PROVIDED INFORMATION Start Marker
Lemma cost_inv_phase rnd i st (v : 'I_n) : 0 < i -> cost_inv st (acted st i v) ->
  (acts st i v -> v \in B -> ncalls st < ncalls_max n -> search_ok rnd st v) ->
  cost_inv (phase rnd i st v) (acted (phase rnd i st v) i v.+1).
Proof.
move=> i_gt0 [calls cost] ok; rewrite /Defs.phase -/(acts st i v).
have [Hact|Hidle] := boolP (acts st i v); last by rewrite acted_idle.
have [ext calls_act cost_act] := @act_extends _ adj port A1 alpha _ qs rnd i v st.
rewrite (acted_act i_gt0 Hact ext); set D := acted st i v.
have vD : v \notin D := acted_actor Hact.
have card_vD : #|v |: D| = #|D|.+1 by rewrite cardsU1 vD.
split; first by rewrite card_vD mulnS addnC (leq_trans calls_act) // leq_add2r.
rewrite card_setU1I //; have [vB|vB] := boolP (v \in B); last first.
  by rewrite cost_act //; apply: cost_bound_awake cost; case: ext => /subset_leq_card.
apply: act_B1_cost_bound cost => //; apply: ok => //.
have := card_le_ord (v |: D); rewrite card_vD => D_lt; rewrite ltnS (leq_trans calls) // leq_mul2l ltnW ?orbT //.
Qed.

Local Notation pre := (pre_phase adj port A1 alpha qs).
Local Notation run_upto := (run_upto adj port A1 alpha qs).

Definition searches_ok (rnd : nat -> Rnd) : Prop :=
  forall i (v : 'I_n), 0 < i <= n -> acts (pre rnd i v) i v -> v \in B ->
    ncalls (pre rnd i v) < ncalls_max n -> search_ok rnd (pre rnd i v) v.

Lemma cost_inv_epoch rnd i p : 0 < i <= n -> p <= n -> searches_ok rnd ->
  cost_inv (run_upto rnd i.-1) (acted (run_upto rnd i.-1) i 0) ->
  let st := foldl (phase rnd i) (run_upto rnd i.-1) (take p (enum 'I_n)) in
  cost_inv st (acted st i p).
Proof.
move=> Hi + ok inv0; have /andP[i_gt0 _] := Hi; elim: p => [|p IH] lt_pn; first by rewrite take0.
have p_lt : p < size (enum 'I_n) by rewrite size_enum_ord.
rewrite /= (take_nth (Ordinal lt_pn)) // foldl_rcons.
rewrite (nth_ord_enum (Ordinal lt_pn) (Ordinal lt_pn)).
apply: (cost_inv_phase (v := Ordinal lt_pn) i_gt0 (IH (ltnW lt_pn))).
exact: ok Hi.
Qed.

Lemma cost_inv_run rnd k : k <= n -> searches_ok rnd ->
  cost_inv (run_upto rnd k) (acted (run_upto rnd k) k.+1 0).
Proof.
move=> + ok; elim: k => [|k IH] le_kn.
  split=> //; rewrite (_ : acted _ 1 0 = set0) ?set0I ?cards0; first exact: cost_bound0.
  by apply/setP => u; rewrite !inE /= !ltn0 !andbF.
have -> : run_upto rnd k.+1 = foldl (phase rnd k.+1) (run_upto rnd k) (take n (enum 'I_n)).
  by rewrite /run_upto -(addn1 k) iotaD foldl_cat /= add1n addn1 take_oversize ?size_enum_ord.
rewrite -acted_next_epoch //; apply: cost_inv_epoch => //; exact: IH (ltnW le_kn).
Qed.

Lemma B1_messages_le rnd : symmetric adj -> 2 <= n -> searches_ok rnd ->
  ((B1_messages adj port A1 alpha qs rnd)%:R <=
   (2 * `|KQ| + (ln 2%:R)^-1) * Num.sqrt (n%:R ^+ 3 / 2%:R ^+ beta alpha) * ln n%:R)%R.
Proof.
move=> adj_sym n_ge2 ok; have [_ cost] := cost_inv_run (leqnn n) ok.
apply: cost_bound_final cost => //; first exact: card_le_ord.
apply: leq_trans (card_B1 A1 adj_sym alpha).
by rewrite leq_mul2r subset_leq_card ?orbT ?subsetIr.
Qed.

End CostInvariant.

Local Open Scope ring_scope.

Section ProductSpace.
Variables (R : realType) (Rnd : finType) (m : nat) (mu : Rnd -> R).
Hypothesis mu_distr : distribution mu.

Local Notation Omega := {ffun 'I_(ncalls_max m) -> Rnd}.
Local Notation P := (probN (n := m) mu).

Definition weight (rho : Omega) : R := \prod_k mu (rho k).

Lemma probNE E : P E = \sum_(rho | E rho) weight rho.
Proof. by []. Qed.

Lemma weight_ge0 rho : 0 <= weight rho.
Proof. by apply: prodr_ge0 => k _; case: mu_distr. Qed.

Lemma sum_weight : \sum_rho weight rho = 1.
Proof.
rewrite /weight -(bigA_distr_bigA (fun _ r => mu r)) /=.
by rewrite big1 // => k _; case: mu_distr.
Qed.

Lemma probN_ge0 E : 0 <= P E.
Proof. by apply: sumr_ge0 => rho _; exact: weight_ge0. Qed.

Lemma probNT : P predT = 1.
Proof. exact: sum_weight. Qed.

Lemma probNC (E : pred Omega) : P (predC E) = 1 - P E.
Proof. by rewrite -[X in X - _]probNT /probN (bigID E predT) /= addrAC subrr add0r. Qed.

Lemma probN_sub (E1 E2 : pred Omega) : (forall rho, E1 rho -> E2 rho) -> P E1 <= P E2.
Proof.
move=> sub12; rewrite !probNE [X in _ <= X](bigID E1) /=.
rewrite (eq_bigl E1) ?lerDl ?sumr_ge0 // => [rho _|rho]; first exact: weight_ge0.
by case E: (E1 rho); rewrite ?andbF ?andbT ?(sub12 _ E).
Qed.

Lemma probN_exists_le (I : finType) (B : I -> pred Omega) :
  P (fun rho => [exists x, B x rho]) <= \sum_x P (B x).
Proof.
rewrite /probN; under [X in _ <= X]eq_bigr => x _ do rewrite big_mkcond /=.
rewrite exchange_big /= big_mkcond /=; apply: ler_sum => rho _.
have w_ge0 y : 0 <= (if B y rho then weight rho else 0) by case: ifP => // _; exact: weight_ge0.
case: existsP => [[x Bx]|_]; last exact: sumr_ge0.
by rewrite (bigD1 x) //= Bx lerDl sumr_ge0.
Qed.

Definition upd (rho : Omega) j (r : Rnd) : Omega :=
  [ffun k => if k == j then r else rho k].

Lemma upd_upd rho j r r' : upd (upd rho j r) j r' = upd rho j r'.
Proof. by apply/ffunP => k; rewrite !ffunE; case: (k == j). Qed.

Lemma upd_id rho j : upd rho j (rho j) = rho.
Proof. by apply/ffunP => k; rewrite !ffunE; case: eqP => [->|]. Qed.

Lemma upd_at rho j r : upd rho j r j = r.
Proof. by rewrite ffunE eqxx. Qed.

Lemma weight_upd rho j r : weight (upd rho j r) = mu r * \prod_(k | k != j) mu (rho k).
Proof.
rewrite /weight (bigD1 j) //= upd_at; congr (_ * _).
by apply: eq_bigr => k /negPf ne_kj; rewrite ffunE ne_kj.
Qed.

Lemma sum_upd (r0 : Rnd) j (F : Omega -> R) :
  \sum_rho F rho = \sum_(rho : Omega | rho j == r0) \sum_r F (upd rho j r).
Proof.
rewrite [RHS](exchange_big_dep predT) //= (partition_big (fun rho : Omega => rho j) predT) //=.
apply: eq_bigr => r _.
rewrite (reindex_onto (fun rho => upd rho j r) (fun rho => upd rho j r0)) /=; last first.
  by move=> rho /eqP <-; rewrite upd_upd upd_id.
apply: eq_bigl => rho; rewrite upd_at eqxx andbT upd_upd.
by apply/eqP/eqP => [<-|<-]; rewrite ?upd_at ?upd_id.
Qed.

(* If the value [s rho] is, whenever [c] holds, independent of coordinate [j],
   then [rho j] is fresh randomness for the test [g (s rho)]. *)
Lemma probN_fresh_le (S : Type) j (s : Omega -> S) (c : pred S) (g : S -> pred Rnd) d :
  (forall rho r, c (s rho) -> s (upd rho j r) = s rho) ->
  (forall x, c x -> prob1 mu (predC (g x)) <= d) -> 0 <= d ->
  P (fun rho => c (s rho) && ~~ g (s rho) (rho j)) <= d.
Proof.
move=> s_indep g_le d_ge0.
have [r0 _] : exists r0 : Rnd, true.
  case: (pickP (@predT Rnd)) => [r0 _|none]; first by exists r0.
  by case: mu_distr => _; rewrite big_pred0 // => /eqP; rewrite eq_sym oner_eq0.
pose V (rho : Omega) := \prod_(k | k != j) mu (rho k).
have V_ge0 rho : 0 <= V rho by apply: prodr_ge0 => k _; case: mu_distr.
rewrite probNE big_mkcond /= (sum_upd r0 j).
apply: (@le_trans _ _ (\sum_(rho : Omega | rho j == r0) d * V rho)).
  apply: ler_sum => rho _.
  case: (pickP (fun r => c (s (upd rho j r)))) => [r1 cr1|no_c]; last first.
    by rewrite big1 ?mulr_ge0 // => r _; rewrite no_c.
  have s_upd r : s (upd rho j r) = s (upd rho j r1) by rewrite -(upd_upd rho j r1 r) s_indep.
  under eq_bigr => r _ do rewrite s_upd upd_at weight_upd.
  rewrite cr1 -big_mkcond /= -mulr_suml mulrC [X in _ <= X]mulrC.
  by apply: ler_wpM2l; [exact: V_ge0 | exact: g_le].
rewrite -mulr_sumr ler_piMr // -sum_weight (sum_upd r0 j weight); apply: ler_sum => rho _.
under eq_bigr => r _ do rewrite weight_upd.
by rewrite -mulr_suml; case: mu_distr => _ ->; rewrite mul1r.
Qed.

Lemma probN_union_bound (I : finType) (E : pred Omega) (B : I -> pred Omega) d :
  (forall rho, ~~ [exists x, B x rho] -> E rho) -> (forall x, P (B x) <= d) ->
  1 - #|I|%:R * d <= P E.
Proof.
move=> noB_E B_le; apply: le_trans (probN_sub noB_E).
rewrite (probNC (fun rho => [exists x, B x rho])) lerD2l lerN2.
apply: le_trans (probN_exists_le B) _.
by rewrite -sum1_card natr_sum mulr_suml ler_sum // => x _; rewrite mul1r.
Qed.

End ProductSpace.

Lemma probN_small (R : realType) (Rnd : finType) (m c : nat) (mu : Rnd -> R)
    (E : pred {ffun 'I_(ncalls_max m) -> Rnd}) :
  distribution mu -> (m <= 1)%N -> (m = 0%N -> forall rho, E rho) ->
  1 - 1 / m%:R ^+ c <= probN mu E.
Proof.
case: m E => [|[|//]] E mu_distr _ E_all; last by rewrite expr1n divr1 subrr probN_ge0.
have -> : probN mu E = 1.
  by rewrite -(@probNT _ _ 0 _ mu_distr); apply: eq_bigl => rho; rewrite E_all.
by rewrite lerBlDr lerDl divr_ge0 // exprn_ge0.
Qed.

Lemma prob1C (R : realType) (Rnd : finType) (mu : Rnd -> R) (E : pred Rnd) :
  distribution mu -> prob1 mu (predC E) = 1 - prob1 mu E.
Proof.
case=> _ mu_sum; rewrite -[X in X - _]mu_sum /prob1 (bigID E predT) /=.
by rewrite addrAC subrr add0r.
Qed.

Local Close Scope ring_scope.

Section SearchFailures.
Variables (R : realType) (KQ : R).
Variables (n : nat) (adj : rel 'I_n) (port : 'I_n -> 'I_n -> nat).
Variables (A1 : {set 'I_n}) (alpha : nat).
Variables (Rnd : finType) (qs : Rnd -> 'I_n -> {set 'I_n} -> {set 'I_n} -> {set 'I_n} * nat).

Local Notation Omega := {ffun 'I_(ncalls_max n) -> Rnd}.
Local Notation pre rho := (pre_phase adj port A1 alpha qs (sample rho)).

Definition failure_index : finType := ('I_n.+1 * 'I_n * 'I_(ncalls_max n))%type.

Definition search_fails (x : failure_index) (rho : Omega) : bool :=
  let: (i, v, j) := (val x.1.1, x.1.2, x.2) in
  [&& ncalls (pre rho i v) == j, acts (pre rho i v) i v & v \in B1 adj A1 alpha] &&
  ~~ search_ok KQ adj qs (fun _ => rho j) (pre rho i v) v.

Lemma pre_phase_upd (rho : Omega) (j : 'I_(ncalls_max n)) r i v : ncalls (pre rho i v) = j ->
  pre (upd rho j r) i v = pre rho i v.
Proof.
move=> calls_j; symmetry; apply: pre_phase_causal => k lt_kj.
have k_lt : k < ncalls_max n by apply: ltn_trans (ltn_ord j); rewrite -calls_j.
rewrite /sample ffunE; case: eqP => // /(congr1 val); rewrite /= inordK //.
by move=> eq_kj; rewrite eq_kj calls_j ltnn in lt_kj.
Qed.

Lemma probN_search_fails_le (mu : Rnd -> R) cQ x : distribution mu ->
  search_spec adj mu qs KQ cQ -> (probN mu (search_fails x) <= 1 / n%:R ^+ cQ)%R.
Proof.
move=> mu_distr spec; case: x => [[i v] j].
apply: (probN_fresh_le mu_distr (s := fun rho => pre rho i v)
  (c := fun st => [&& ncalls st == j, acts st i v & v \in B1 adj A1 alpha])
  (g := fun st r => search_ok KQ adj qs (fun _ => r) st v)).
- by move=> rho r /and3P[/eqP calls_j _ _]; exact: pre_phase_upd.
- move=> st /and3P[_ _ vB]; rewrite prob1C //.
  have := spec v (nbr adj v) (nbr adj v :\: awake st) (subxx _) (subsetDl _ _).
  by rewrite /search_ok; lra.
- by rewrite divr_ge0 // exprn_ge0.
Qed.

Lemma searches_ok_of_no_failure rho : ~~ [exists x, search_fails x rho] ->
  searches_ok KQ adj port A1 alpha qs (sample rho).
Proof.
move=> /existsPn no_fail i v /andP[_ le_in] Hact vB lt_calls.
have := no_fail (inord i, v, Ordinal lt_calls).
rewrite /search_fails /= inordK ?ltnS // eqxx Hact vB /= => /negPn.
by rewrite (search_ok_ext KQ adj qs (r2 := sample rho)) // /sample -[Ordinal _]inord_val.
Qed.

End SearchFailures.

Local Open Scope ring_scope.

Lemma card_failure_index_mul_le (R : realType) (n c : nat) : (2 <= n)%N ->
  #|failure_index n|%:R * (1 / n%:R ^+ (c + 5)) <= 1 / n%:R ^+ c :> R.
Proof.
move=> n_ge2; have n_gt0 : 0 < n%:R :> R by rewrite ltr0n; lia.
have card_le : (#|failure_index n| <= n ^ 5)%N.
  rewrite !card_prod !card_ord /ncalls_max; case: n n_ge2 {n_gt0} => [|[|k]] // _.
  by rewrite !expnS expn0 muln1; nia.
apply: le_trans (_ : n%:R ^+ 5 * (1 / n%:R ^+ (c + 5)) <= _).
  apply: ler_wpM2r; first by rewrite divr_ge0 // exprn_ge0 // ltW.
  by rewrite -natrX ler_nat.
by rewrite exprD !div1r invfM mulrCA mulfV ?mulr1 // expf_neq0 // gt_eqF.
Qed.

Theorem lemma8 (R : realType) :
  forall c : nat, exists cQ : nat, forall KQ : R, exists K : R,
  forall (n : nat) (adj : rel 'I_n) (A1 : {set 'I_n}) (alpha : nat)
         (port : 'I_n -> 'I_n -> nat)
         (Rnd : finType) (mu : Rnd -> R)
         (qs : Rnd -> 'I_n -> {set 'I_n} -> {set 'I_n} -> {set 'I_n} * nat),
    simple_graph adj -> connected_graph adj -> port_numbering adj port ->
    distribution mu -> search_spec adj mu qs KQ cQ ->
    probN (n := n) mu (fun rho =>
      (B1_messages adj port A1 alpha qs (sample rho))%:R
        <= K * Num.sqrt (n%:R ^+ 3 / 2%:R ^+ beta alpha) * ln (n%:R : R))
    >= 1 - 1 / (n%:R ^+ c).
Proof.
move=> c; exists (c + 5)%N => KQ; exists (2 * `|KQ| + (ln 2%:R)^-1).
move=> n adj A1 alpha port Rnd mu qs [adj_sym _] _ _ mu_distr spec.
have [n_le1|n_ge2] := leqP n 1.
  apply: probN_small => // n0 rho; subst n.
  by rewrite /B1_messages /= expr0n /= mul0r sqrtr0 mulr0 mul0r.
apply: (le_trans _ (probN_union_bound mu_distr _
  (fun x => probN_search_fails_le port A1 alpha x mu_distr spec))).
  by rewrite lerD2l lerN2 card_failure_index_mul_le.
by move=> rho /searches_ok_of_no_failure; exact: B1_messages_le.
Qed.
PROVIDED INFORMATION End Marker
WHAT YOU SHOULD DO >> Those lines of the records that contain the string "Hact" should be identified and copied.

ANSWER TO THIS PROBLEM >>
have [Hact|Hidle] := boolP (acts st i v); last by rewrite acted_idle.
rewrite (acted_act i_gt0 Hact ext); set D := acted st i v.
have vD : v \notin D := acted_actor Hact.
move=> /existsPn no_fail i v /andP[_ le_in] Hact vB lt_calls.
rewrite /search_fails /= inordK ?ltnS // eqxx Hact vB /= => /negPn.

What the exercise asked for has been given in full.